Parameterized queries
Now for a much safer approach to building query is via parameterized queries. In this case, the variables that are used to build the query are pass as parameters and not used directly in a string interpolation. How you do this will depend on the library that you use, for example, in Python when you execute a query you can pass a parameterized string along with the parameters to build a parameterized queries.
The idea is that if the user input are passed as parameters, they no longer have the chance to mess with the query since there are no interpolation, the user input is not used to build a query but rather as a parameter. The variables themselves will no long be used as part of an executable code but rather treated as literal values.

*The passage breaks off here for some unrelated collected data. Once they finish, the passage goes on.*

(* U decomposes into k pairwise inequivalent irreducible representations
   pi_1..pi_k with multiplicities m_1..m_k:
   C^D = (+)_{i, a < m i} Im (E i a), a direct sum (P i a are the coordinate
   projections), each summand invariant and U restricted to it equivalent to pi i. *)
Definition decomposes (G : Type) (mul : G -> G -> G) (one : G) (D k : nat)
  (U : G -> 'M[C]_D) (m : 'I_k -> nat) : Prop :=
  (forall i, 0 < m i)%N /\
  exists (d : 'I_k -> nat) (pi : forall i, G -> 'M[C]_(d i)),
    [/\ (forall i, is_rep mul one (pi i)),
        (forall i, irreducible_rep (pi i)),
        (forall i j, i != j -> ~ rep_equiv (pi i) (pi j))
      & exists (E : forall i, 'I_(m i) -> 'M[C]_(D, d i))
               (P : forall i, 'I_(m i) -> 'M[C]_(d i, D)),
          [/\ (forall i a g, U g *m E i a = E i a *m pi i g),
              (forall i a, P i a *m E i a = 1%:M),
              (forall i a i' a', (i != i') || (val a != val a') ->
                   P i a *m E i' a' = 0)
            & \sum_(i < k) \sum_(a < m i) E i a *m P i a = 1%:M]].

(* Computational basis of (C^D)^{(x)n}: functions 'I_n -> 'I_D. *)
Definition tidx (D n : nat) := {ffun 'I_n -> 'I_D}.
Definition op (D n : nat) := tidx D n -> tidx D n -> C.

Definition opmul (D n : nat) (A B : op D n) : op D n :=
  fun x y => \sum_(z : tidx D n) A x z * B z y.
Definition opadj (D n : nat) (A : op D n) : op D n :=
  fun x y => Num.conj (A y x).

(* U_{g_1} (x) ... (x) U_{g_n} *)
Definition tensor_op (D n : nat) (V : 'I_n -> 'M[C]_D) : op D n :=
  fun x y => \prod_(i < n) V i (x i) (y i).

Definition perm_op (D n : nat) (s : 'S_n) : op D n :=
  fun x y => (x == [ffun i => y ((s^-1)%g i)])%:R.

Definition conj_invariant (D n : nat) (A rho : op D n) : Prop :=
  forall x y, opmul (opmul A rho) (opadj A) x y = rho x y.

Definition perm_invariant (D n : nat) (rho : op D n) : Prop :=
  forall s : 'S_n, conj_invariant (@perm_op D n s) rho.

Definition iid_invariant (G : Type) (D n : nat) (U : G -> 'M[C]_D)
  (rho : op D n) : Prop :=
  forall g : 'I_n -> G, conj_invariant (tensor_op (fun i => U (g i))) rho.

Definition psd (D n : nat) (rho : op D n) : Prop :=
  (forall x y, rho y x = Num.conj (rho x y)) /\
  forall v : tidx D n -> C,
    0 <= \sum_(x : tidx D n) \sum_(y : tidx D n) Num.conj (v x) * rho x y * v y.

(* basis of (C^D (x) C^D)^{(x)n}: for each of the n pairs, a pair of indices;
   the first component is the system, the second the purifying copy *)
Definition tidx2 (D n : nat) := {ffun 'I_n -> 'I_D * 'I_D}.
Definition pairff (D n : nat) (x z : tidx D n) : tidx2 D n :=
  [ffun i => (x i, z i)].

Definition purifies (D n : nat) (Psi : tidx2 D n -> C) (rho : op D n) : Prop :=
  forall x y : tidx D n,
    \sum_(z : tidx D n) Psi (pairff x z) * Num.conj (Psi (pairff y z)) = rho x y.

Definition lin_indep (D r : nat) (w : 'I_r -> 'I_D * 'I_D -> C) : Prop :=
  forall c : 'I_r -> C, (forall p, \sum_(j < r) c j * w j p = 0) ->
    forall j, c j = 0.

Definition in_tensor_power (D n r : nat) (w : 'I_r -> 'I_D * 'I_D -> C)
  (Psi : tidx2 D n -> C) : Prop :=
  exists c : {ffun 'I_n -> 'I_r} -> C,
    forall x, Psi x = \sum_(a : {ffun 'I_n -> 'I_r}) c a * \prod_(i < n) w (a i) (x i).
Lemma projection_theorem (M : X -> Prop) w : closed_subspace M ->
  exists p, M p /\ forall m, M m -> hinner (hsub w p) m = C0.
Proof.
  intros (M0 & Madd & Mscal & Mlim).
  destruct (inf_nonneg_exists M (fun m => hnorm (hsub w m))) as (d & Hd0 & Hd & Happrox).
  { exists hzero. exact M0. } { intros; apply hnorm_ge0. }
  assert (Hpos : forall n, 0 < (/ 2) ^ n) by (intro n; apply pow_lt; lra).
  destruct (choice (fun n m => M m /\ hnorm (hsub w m) < d + (/ 2) ^ n))
    as [ms Hms]; [intro n; exact (Happrox _ (Hpos n))|].
  assert (Hcauchy : hcauchy ms).
  { apply (hcauchy_of_hsqnorm_geometric ms (4 * d + 2) (/ 2)); [lra | lra |].
    intros a b. destruct (Hms a) as [Ma La]. destruct (Hms b) as [Mb Lb].
    pose proof (near_minimizers_close w (ms a) (ms b) d _ _ Hd0
                  (Rlt_le _ _ (Hpos a)) (Rlt_le _ _ (Hpos b))
                  (Hd _ (Mscal _ _ (Madd _ _ Ma Mb))) La Lb) as Hab.
    pose proof (pow_incr (/ 2) 1 a). pose proof (pow_incr (/ 2) 1 b). rewrite pow1 in *.
    pose proof (Hpos a). pose proof (Hpos b). nra. }
  destruct (hcauchy_converges ms Hcauchy) as [p Hp].
  assert (Mp : M p) by (apply (Mlim ms p); [intro n; apply Hms | exact Hp]).
  assert (Hwp : hnorm (hsub w p) <= d).
  { apply Rle_plus_epsilon. intros e He.
    destruct (Hp (e / 2)) as [N1 HN1]; [lra|].
    destruct (pow_lt_1_zero (/ 2)) with (y := e / 2) as [N2 HN2]; [rewrite Rabs_pos_eq; lra | lra |].
    set (n := max N1 N2).
    pose proof (HN1 n (Nat.le_max_l _ _)). pose proof (HN2 n (Nat.le_max_r _ _)) as Hn.
    rewrite Rabs_pos_eq in Hn by (apply Rlt_le, Hpos).
    pose proof (hdist_triangle w (ms n) p). destruct (Hms n) as [_ L]. lra. }
  exists p. split; [exact Mp|]. intros m Hm.
  apply minimizer_orthogonal. intro t.
  replace (hsub (hsub w p) (hscal t m)) with (hsub w (hadd p (hscal t m))) by hvec.
  pose proof (Hd _ (Madd _ _ Mp (Mscal t _ Hm))). rewrite <- !hnorm_sqr.
  pose proof (hnorm_ge0 (hsub w p)). nra.
Qed.

End Projection.

Definition shift_range {X : Hilbert} (T : rel X) (m : R) (u : X) : Prop :=
  exists x f, T x f /\ u = hsub f (hscal (Ci m) x).

Section Relations.
Context {X : Hilbert}.
Implicit Types (S T : rel X) (x y f g : X).

Lemma subspace_sub T : is_subspace T ->
  forall x f y g, T x f -> T y g -> T (hsub x y) (hsub f g).
Proof. intros (_ & Hadd & Hscal) x f y g H1 H2. unfold hsub. rewrite !hopp_scal. auto. Qed.

Lemma T_s_subspace T : is_subspace T -> is_subspace (T_s T).
Proof.
  intros (H0 & Hadd & Hscal). unfold T_s, ominus. split; [|split].
  - split; auto. intros y g _. expand_inner. apply C_ext; simpl; ring.
  - intros x f y g [A1 A2] [B1 B2]. split; auto. intros y' g' Hyg.
    specialize (A2 y' g' Hyg). specialize (B2 y' g' Hyg). expand_inner.
    apply (f_equal Re) in A2 as A3. apply (f_equal Im) in A2 as A4.
    apply (f_equal Re) in B2 as B3. apply (f_equal Im) in B2 as B4.
    simpl in *. apply C_ext; simpl; lra.
  - intros a x f [A1 A2]. split; auto. intros y' g' Hyg.
    specialize (A2 y' g' Hyg). expand_inner.
    apply (f_equal Re) in A2 as A3. apply (f_equal Im) in A2 as A4.
    simpl in *. apply C_ext; simpl; nra.
Qed.

Lemma hermitian_Im_hinner T x f : hermitian T -> T x f -> Im (hinner f x) = 0.
Proof.
  intros HT H. pose proof (HT x f H x f H) as E.
  rewrite (hinner_sym _ f x) in E. apply (f_equal Im) in E. simpl in E. lra.
Qed.

Lemma hsqnorm_shift T m x f : hermitian T -> T x f ->
  hsqnorm (hsub f (hscal (Ci m) x)) = hsqnorm f + m * m * hsqnorm x.
Proof.
  intros HT H. pose proof (hermitian_Im_hinner T x f HT H).
  unfold hsqnorm. expand_inner. simpl.
  rewrite (Re_hinner_sym f x), (Im_hinner_sym f x), ?(Im_hinner_self x), ?(Im_hinner_self f). nra.
Qed.

Lemma shift_range_closed S m : is_subspace S -> self_adjoint S -> m <> 0 ->
  forall u l, (forall n, shift_range S m (u n)) -> converges_to u l -> shift_range S m l.
Proof.
  intros HSs [HS1 HS2] Hm u l Hu Hl.
  destruct (choice (fun n xf => S (fst xf) (snd xf) /\ u n = hsub (snd xf) (hscal (Ci m) (fst xf))))
    as [xfs Hxfs].
  { intro n. destruct (Hu n) as (x & f & H). exists (x, f). exact H. }
  set (xs := fun n => fst (xfs n)). set (fs := fun n => snd (xfs n)).
  assert (Hdist : forall a b, hsqnorm (hsub (u a) (u b)) =
            hsqnorm (hsub (fs a) (fs b)) + m * m * hsqnorm (hsub (xs a) (xs b))).
  { intros a b. unfold xs, fs. destruct (Hxfs a) as [Ha ->]. destruct (Hxfs b) as [Hb ->].
    rewrite <- (hsqnorm_shift S m); [| exact HS1 | apply subspace_sub; auto].
    f_equal. hvec. }
  pose proof (converges_hcauchy u l Hl) as Hu_cauchy.
  destruct (hcauchy_converges fs) as [f Hf].
  { apply (hcauchy_of_dominated u fs 1); [lra | | exact Hu_cauchy]. intros a b.
    rewrite Hdist. pose proof (hsqnorm_ge0 (hsub (xs a) (xs b))). nra. }
  destruct (hcauchy_converges xs) as [x Hx].
  { apply (hcauchy_of_dominated u xs (m * m)); [nra | | exact Hu_cauchy]. intros a b.
    rewrite Hdist. pose proof (hsqnorm_ge0 (hsub (fs a) (fs b))). lra. }
  exists x, f. split.
  - apply HS2, (adjoint_closed S xs fs); auto. intro n. apply HS1, Hxfs.
  - apply (converges_unique u); [exact Hl|].
    replace u with (fun n => hsub (fs n) (hscal (Ci m) (xs n)))
      by (extensionality n; symmetry; apply Hxfs).
    apply converges_sub_scal; assumption.
Qed.

(* [S - i m] has dense range because [S] is symmetric, and closed range because [S] is closed
   and [|f - i m x|^2 = |f|^2 + m^2 |x|^2] on its graph. *)
Lemma self_adjoint_shift_surjective S m : is_subspace S -> self_adjoint S -> m <> 0 ->
  forall w, shift_range S m w.
Proof.
  intros HSs HS Hm w. pose proof HSs as (S0 & Sadd & Sscal).
  assert (Hrange : closed_subspace (shift_range S m)).
  { split; [|split; [|split]].
    - exists hzero, hzero. split; [exact S0 | hvec].
    - intros u v (x1 & f1 & H1 & ->) (x2 & f2 & H2 & ->).
      exists (hadd x1 x2), (hadd f1 f2). split; [auto | hvec].
    - intros c u (x & f & H & ->). exists (hscal c x), (hscal c f). split; [auto | hvec].
    - exact (shift_range_closed S m HSs HS Hm). }
  destruct (projection_theorem _ w Hrange) as (p & Hp & Horth).
  set (q := hsub w p) in Horth.
  assert (Sq : S q (hscal (Ci (- m)) q)).
  { apply HS. intros x f Hxf.
    specialize (Horth _ (ex_intro _ x (ex_intro _ f (conj Hxf eq_refl)))). expand_inner.
    apply (f_equal Re) in Horth as H1. apply (f_equal Im) in Horth as H2. simpl in *.
    apply C_ext; simpl; lra. }
  assert (Hq : q = hzero).
  { apply hsqnorm_eq0. pose proof (proj1 HS _ _ Sq _ _ Sq) as E.
    expand_inner. apply (f_equal Im) in E. simpl in E. rewrite Im_hinner_self in E.
    unfold hsqnorm. apply (Rmult_eq_reg_l m); [lra | exact Hm]. }
  destruct Hp as (x & f & Hxf & Hp). exists x, f. split; [exact Hxf|].
  rewrite <- Hp. apply hsub_eq0. exact Hq.
Qed.

Lemma self_adjoint_multivalued_part S : is_subspace S -> self_adjoint S ->
  closed_subspace (S hzero).
Proof.
  intros (S0 & Sadd & Sscal) HS. split; [exact S0 | split; [|split]].
  - intros f g Hf Hg. pose proof (Sadd _ _ _ _ Hf Hg) as H. rewrite hadd_zero in H. exact H.
  - intros c f Hf. pose proof (Sscal c _ _ Hf) as H.
    replace (hscal c hzero) with (@hzero X) in H by hvec. exact H.
  - intros u l Hu Hl. apply (proj2 HS), (adjoint_closed S (fun _ => hzero) u); auto.
    + intro n. apply (proj1 HS), Hu.
    + intros eps He. exists O. intros n _.
      replace (hsub hzero hzero) with (@hzero X) by hvec. rewrite hnorm_zero. exact He.
Qed.

Lemma T_s_dom S x f : is_subspace S -> self_adjoint S -> S x f -> exists q, T_s S x q.
Proof.
  intros HSs HS Hxf.
  destruct (projection_theorem (S hzero) f (self_adjoint_multivalued_part S HSs HS))
    as (p & Sp & Hp).
  exists (hsub f p). split.
  - replace x with (hsub x hzero) by hvec. apply subspace_sub; auto.
  - intros y g [-> Hg]. specialize (Hp g Hg). expand_inner. rewrite Hp.
    apply C_ext; simpl; ring.
Qed.

Lemma hsqnorm_T_s_le S x f q : is_subspace S -> S x f -> T_s S x q -> hsqnorm q <= hsqnorm f.
Proof.
  intros HSs Hf [Hq Horth].
  set (p := hsub f q).
  assert (Sp : S hzero p) by (replace (@hzero X) with (hsub x x) by hvec; apply subspace_sub; auto).
  assert (Hqp : hinner q p = C0).
  { specialize (Horth hzero p (conj eq_refl Sp)). expand_inner.
    apply (f_equal Re) in Horth as H1. apply (f_equal Im) in Horth as H2. simpl in *.
    apply C_ext; simpl; lra. }
  replace f with (hadd p q) by (unfold p; hvec). clearbody p.
  pose proof (hsqnorm_ge0 p). unfold hsqnorm in *. expand_inner.
  rewrite (hinner_sym _ q p), Hqp. simpl. lra.
Qed.

End Relations.

Lemma contraction_fixpoint {X : Hilbert} (F : X -> X) c : 0 <= c < 1 ->
  (forall x y, hnorm (hsub (F x) (F y)) <= c * hnorm (hsub x y)) -> exists l, F l = l.
Proof.
  intros Hc Hlip. set (u := fun n => Nat.iter n F hzero).
  assert (Hstep : forall n, hnorm (hsub (u (S n)) (u n)) <= c ^ n * hnorm (hsub (u 1%nat) (u O))).
  { induction n as [|n IH]; [simpl; lra|].
    change (u (S (S n))) with (F (u (S n))). change (u (S n)) with (F (u n)) at 2.
    eapply Rle_trans; [apply Hlip|]. simpl. rewrite Rmult_assoc.
    apply Rmult_le_compat_l; [lra | exact IH]. }
  destruct (hcauchy_converges u (hcauchy_of_geometric_steps u c _ Hc Hstep)) as [l Hl].
  exists l. symmetry. apply hsub_eq0, hzero_of_hnorm_small. intros eps He.
  destruct (Hl (eps / 2)) as [N HN]; [lra|].
  pose proof (HN N (le_n N)) as H1. pose proof (HN (S N) (le_S _ _ (le_n N))) as H2.
  change (u (S N)) with (F (u N)) in H2.
  pose proof (hdist_triangle l (F (u N)) (F l)) as T. rewrite (hdist_sym l (F (u N))) in T.
  pose proof (Hlip (u N) l).
  pose proof (hnorm_ge0 (hsub (u N) l)). nra.
Qed.
Theorem proposition3 (R : realType) (a : nat -> R) (m : nat -> nat) (lam : R) :
  (forall N, 0 < a N) ->
  (forall N, (m N <= N)%N) ->
  ((let lamN : nat -> R := fun N : nat => 1 - (m N)%:R / N%:R in
    lamN @ \oo --> lam ->
    lam <= 1 ->
    (fun N : nat => (1 - lamN N) * N%:R * a N - ln N%:R) @ \oo --> +oo ->
    (fun N : nat =>
       Pcan N (a N) [set n : occ | lamN N <= (n 0%N)%:R / N%:R]) @ \oo --> (1 : R)
    /\ (lam%:E <= limn_einf (fun N : nat => (mean_n0 N (a N) / N%:R)%:E))%E)
  /\
  ((fun N : nat => N%:R * a N / ln N%:R) @ \oo --> +oo ->
    (fun N : nat => mean_n0 N (a N) / N%:R) @ \oo --> (1 : R))).
Proof.
move=> a_gt0 m_le; split; last exact: complete_condensation.
move=> lamN lam_cvg _ u_cvg.
have P_cvg : (fun N => Pcan N (a N) [set n | N - m N <= n 0%N]%N) @ \oo --> (1 : R).
  apply: (condensed_prob_cvg a_gt0); apply: ger_cvgy u_cvg; near=> N.
  have N_gt0 : (0 < N)%N by near: N; exact: nbhs_infty_gt.
  have -> : (1 - lamN N) * N%:R = (m N)%:R.
    by rewrite /lamN opprB addrCA subrr addr0 divfK // pnatr_eq0 -lt0n.
  by rewrite lerD2r (ler_pM2r (a_gt0 N)) ler_nat.
split; last exact: ground_fraction_liminf a_gt0 m_le lam_cvg P_cvg.
apply: cvg_trans P_cvg; apply: near_eq_cvg; near=> N.
rewrite /lamN ground_fraction_setE //; near: N; exact: nbhs_infty_gt.
Unshelve. all: by end_near.
Qed.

query = "SELECT * from user_table WHERE name=?"
params = (name)
cursor.execute(query, params)
Now no matter what the user input, even Tom' OR 1 = 1
as name
it will be treated literally, as you are looking for a person named Tom' OR 1 = 1
in the database.
Further clarification
In the future, if you are back to this post and wonder isn't this the same as string substitution? You would be wrong.
The way that parameterized query works is that the query is first sent to the SQL engine, and the database will know exactly what this query will do, and only then it will insert the username and passwords as LITERAL VALUES. So the user input values cannot affect the query in anyway.
It is separating the values with the queries, the query is first sent to the database and database will know what it does, then it will ask for the parameters that you have layed out and use it LITERALLY, not as part of the query anymore.
In the previous example, you are asking the database can you select all the columns from user_table
where the name is equal to a parameter, the database understood your request, then ask you for the name
and the name is provided as parameter. Even if you sent Tom' OR 1 = 1
the database will be looking for a person named Tom' OR 1 = 1
.
All About Importing Modules and from Packages
Module?
A module is just a Python file with the corresponding .py
extension. So if you're talking about the math module then there is a corresponding math.py
file that contains functions, classes, and constants that are meant to be used by other Python files.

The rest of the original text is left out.